═════ RECORDS PROVIDED

(* Let $A$ and $B=\{b_1,\ldots,b_m\}$ be finite point sets in $\mathbb{R}^2$ with $m\le|A|$, let $t\in\mathbb{R}^2$, and let $\mathcal{L}=\{L_t(b_i)\mid i=1,\ldots,m\}$ be the preference lists at $t$. Let $a_1,\ldots,a_m$ be $m$ distinct points of $A$, and suppose that for some $0\le j\le m-1$: (a) $L_t(b_i)$ starts with $(a_1,a_2,\ldots,a_j)$ for $i=1,\ldots,j$; (b) $L_t(b_{j+1})$ starts with $a_{j+1}$; (c) $L_t(b_i)$ starts with $(a_{j+2},\ldots,a_m)$ for $i=j+2,\ldots,m$. Then every efficient matching for $\mathcal{L}$ matches $B$ onto $\{a_1,\ldots,a_m\}$.
   Context: The preference list $L_t(b)$ of $b\in B$ is the list of all points of $A$ sorted by increasing distance from $b+t$ (a strict ordering, ties broken in some fixed way). A matching is an injective map $\pi:B\to A$. A matching $\pi$ is better than a distinct matching $\sigma$ if for each $b\in B$ either $\pi(b)=\sigma(b)$ or $\pi(b)$ appears before $\sigma(b)$ in $L_t(b)$. A matching is efficient if no matching is better than it. *)

From mathcomp Require Import all_boot all_order all_algebra.
From mathcomp Require Import reals.
Set Implicit Arguments. Unset Strict Implicit. Unset Printing Implicit Defensive.
Import Order.TTheory GRing.Theory Num.Theory.
Local Open Scope ring_scope.

Definition point (R : realType) := (R * R)%type.

Definition padd (R : realType) (p q : point R) : point R := (p.1 + q.1, p.2 + q.2).

Definition dist (R : realType) (p q : point R) : R :=
  Num.sqrt ((p.1 - q.1) ^+ 2 + (p.2 - q.2) ^+ 2).

(* L is a preference list L_t(b) of b with respect to the finite point set A
   (given as a duplicate-free sequence): it lists every point of A exactly once,
   sorted by increasing distance from b + t (ties broken in some way). *)
Definition is_pref_list (R : realType) (A : seq (point R)) (t b : point R)
    (L : seq (point R)) : Prop :=
  perm_eq L A /\ sorted (fun x y => dist x (padd b t) <= dist y (padd b t)) L.

Definition is_matching (R : realType) (A B : seq (point R))
    (pi : point R -> point R) : Prop :=
  {in B, forall x, pi x \in A} /\ {in B &, injective pi}.

Definition better (R : realType) (B : seq (point R))
    (L : point R -> seq (point R)) (pi sigma : point R -> point R) : Prop :=
  (exists2 x, x \in B & pi x != sigma x) /\
  {in B, forall x, pi x = sigma x \/ (index (pi x) (L x) < index (sigma x) (L x))%N}.

Definition efficient (R : realType) (A B : seq (point R))
    (L : point R -> seq (point R)) (pi : point R -> point R) : Prop :=
  is_matching A B pi /\
  ~ (exists sigma, is_matching A B sigma /\ better B L sigma pi).

From mathcomp Require Import all_boot all_order all_algebra.
From mathcomp Require Import reals zify.
Import Order.TTheory GRing.Theory Num.Theory.
Local Open Scope ring_scope.

(* An efficient matching never leaves a point of A unmatched while some b
   prefers it to its own partner: reassigning b to that point would be better.
   So if the lists of k points of B all start with the same k' <= k points and
   one of those were unmatched, the k partners would all lie among the other
   k' - 1 points, contradicting injectivity.  Conditions (a), (b), (c) give such
   common prefixes covering a_1, ..., a_m, hence these m points are exactly the
   image of B. *)

Section EfficientMatching.
Variables (R : realType) (A B : seq (point R)) (L : point R -> seq (point R)).
Variable pi : point R -> point R.
Hypothesis pi_eff : efficient A B L pi.

Lemma efficient_index_le_unmatched {b x} :
  b \in B -> x \in A -> x \notin map pi B ->
  (index (pi b) (L b) <= index x (L b))%N.
Proof.
case: pi_eff => [[piA piI] no_better] bB xA xn; rewrite leqNgt; apply/negP => lt.
have pi_neq_x y : y \in B -> pi y != x.
  by move=> yB; apply: contraNneq xn => <-; exact: map_f.
apply: no_better; exists (fun y => if y == b then x else pi y); split; [split|split].
- by move=> y yB; case: eqP => // _; apply: piA.
- move=> y z yB zB /=; case: (y =P b) => [->|_]; case: (z =P b) => [->|_] //.
  + by move=> E; move: (pi_neq_x z zB); rewrite E eqxx.
  + by move=> E; move: (pi_neq_x y yB); rewrite E eqxx.
  + exact: piI.
- by exists b => //=; rewrite eqxx eq_sym pi_neq_x.
- by move=> y yB /=; case: (y =P b) => [->|_]; [right|left].
Qed.

Lemma efficient_prefix_mem {b p x} :
  b \in B -> prefix p (L b) -> x \in p -> x \in A -> x \notin map pi B ->
  pi b \in p.
Proof.
move=> bB /prefixP [s Lb] xp xA xn; apply: contraT => pi_b_p.
have := efficient_index_le_unmatched bB xA xn.
by rewrite Lb !index_cat xp (negbTE pi_b_p) leqNgt ltn_addr // index_mem.
Qed.

Lemma efficient_matches_common_prefix C p :
  uniq C -> {subset C <= B} -> uniq p -> {subset p <= A} ->
  (size p <= size C)%N -> {in C, forall b, prefix p (L b)} ->
  {subset p <= map pi B}.
Proof.
case: pi_eff => [[_ piI] _] uC CB up pA size_pC pre x xp; apply: contraT => xn.
have uniq_piC : uniq (map pi C).
  by rewrite map_inj_in_uniq // => y z yC zC; apply: piI; apply: CB.
have piC_sub : {subset map pi C <= rem x p}.
  move=> _ /mapP [b bC ->]; rewrite (mem_rem_uniq _ up) !inE.
  rewrite (efficient_prefix_mem (CB _ bC) (pre _ bC) xp (pA _ xp) xn) andbT.
  by apply: contraNneq xn => <-; rewrite map_f ?CB.
have p_gt0 : (0 < size p)%N by case: (p) xp.
have := uniq_leq_size uniq_piC piC_sub.
rewrite size_rem // size_map -ltnS prednK //.
by move=> /leq_trans/(_ size_pC); rewrite ltnn.
Qed.

Lemma efficient_matches_segment (a : seq (point R)) lo n :
  uniq B -> uniq a -> {subset a <= A} -> size a = size B -> (lo + n <= size B)%N ->
  (forall i, (lo <= i < lo + n)%N ->
     prefix (take n (drop lo a)) (L (nth (0, 0) B i))) ->
  {subset take n (drop lo a) <= map pi B}.
Proof.
move=> uB ua aA size_a seg pre.
have size_seg s : size s = size B -> size (take n (drop lo s)) = n.
  by move=> size_s; rewrite size_take size_drop size_s; case: ltnP; lia.
apply: (efficient_matches_common_prefix (take n (drop lo B))).
- by rewrite take_uniq // drop_uniq.
- by move=> b /mem_take /mem_drop.
- by rewrite take_uniq // drop_uniq.
- by move=> x /mem_take /mem_drop /aA.
- by rewrite !size_seg.
- move=> b bC; rewrite -(nth_index (0, 0) bC).
  have : (index b (take n (drop lo B)) < n)%N.
    by rewrite -[X in (_ < X)%N](size_seg _ B) // index_mem.
  move: (index _ _) => i ilt; rewrite nth_take // nth_drop.
  by apply: pre; rewrite leq_addr ltn_add2l.
Qed.

End EfficientMatching.

Theorem lemma7 (R : realType) (A B : seq (point R)) (t : point R)
    (L : point R -> seq (point R)) (a : seq (point R)) (j : nat) :
  uniq A -> uniq B -> (size B <= size A)%N ->
  {in B, forall b, is_pref_list A t b (L b)} ->
  uniq a -> size a = size B -> {subset a <= A} ->
  (j < size B)%N ->
  (* (a) L_t(b_i) starts with (a_1, ..., a_j) for i = 1..j *)
  (forall i, (i < j)%N -> prefix (take j a) (L (nth (0, 0) B i))) ->
  (* (b) L_t(b_{j+1}) starts with a_{j+1} *)
  prefix [:: nth (0, 0) a j] (L (nth (0, 0) B j)) ->
  (* (c) L_t(b_i) starts with (a_{j+2}, ..., a_m) for i = j+2..m *)
  (forall i, (j < i < size B)%N -> prefix (drop j.+1 a) (L (nth (0, 0) B i))) ->
  forall pi : point R -> point R, efficient A B L pi ->
    [seq pi b | b <- B] =i a.
Proof.
move=> _ uB _ _ ua size_a aA jB Ha Hb Hc pi eff.
have segment lo n :=
  @efficient_matches_segment R A B L pi eff a lo n uB ua aA size_a.
have a_j : take 1 (drop j a) = [:: nth (0, 0) a j].
  by rewrite (drop_nth (0, 0)) ?size_a //= take0.
have a_gt_j : take (size B - j.+1) (drop j.+1 a) = drop j.+1 a.
  by rewrite take_oversize // size_drop size_a.
have a_matched : {subset a <= map pi B}.
  rewrite -(cat_take_drop j a) -(cat_take_drop 1 (drop j a)) drop_drop add1n => x.
  rewrite !mem_cat => /or3P [].
  - rewrite -{1}[a]drop0; apply: segment; first exact: ltnW.
    by move=> i; rewrite add0n drop0 => /andP [_ /Ha].
  - apply: segment; first by rewrite addn1.
    by move=> i; rewrite addn1 -eqn_leq => /eqP <-; rewrite a_j.
  - rewrite -a_gt_j; apply: segment; first by rewrite subnKC.
    by move=> i /andP [ji]; rewrite subnKC // a_gt_j => iB; apply: Hc; rewrite ji.
have size_piB : (size (map pi B) <= size a)%N by rewrite size_map size_a.
have [_ a_eq] := uniq_min_size ua a_matched size_piB.
by move=> y; rewrite a_eq.
Qed.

══════════

• _WHAT THE EXERCISE ASKS_:
Using the material above, find each line that holds "sorted" and copy that line.

• _WRITTEN REPLY_:
   Context: The preference list $L_t(b)$ of $b\in B$ is the list of all points of $A$ sorted by increasing distance from $b+t$ (a strict ordering, ties broken in some fixed way). A matching is an injective map $\pi:B\to A$. A matching $\pi$ is better than a distinct matching $\sigma$ if for each $b\in B$ either $\pi(b)=\sigma(b)$ or $\pi(b)$ appears before $\sigma(b)$ in $L_t(b)$. A matching is efficient if no matching is better than it. *)
   sorted by increasing distance from b + t (ties broken in some way). *)
  perm_eq L A /\ sorted (fun x y => dist x (padd b t) <= dist y (padd b t)) L.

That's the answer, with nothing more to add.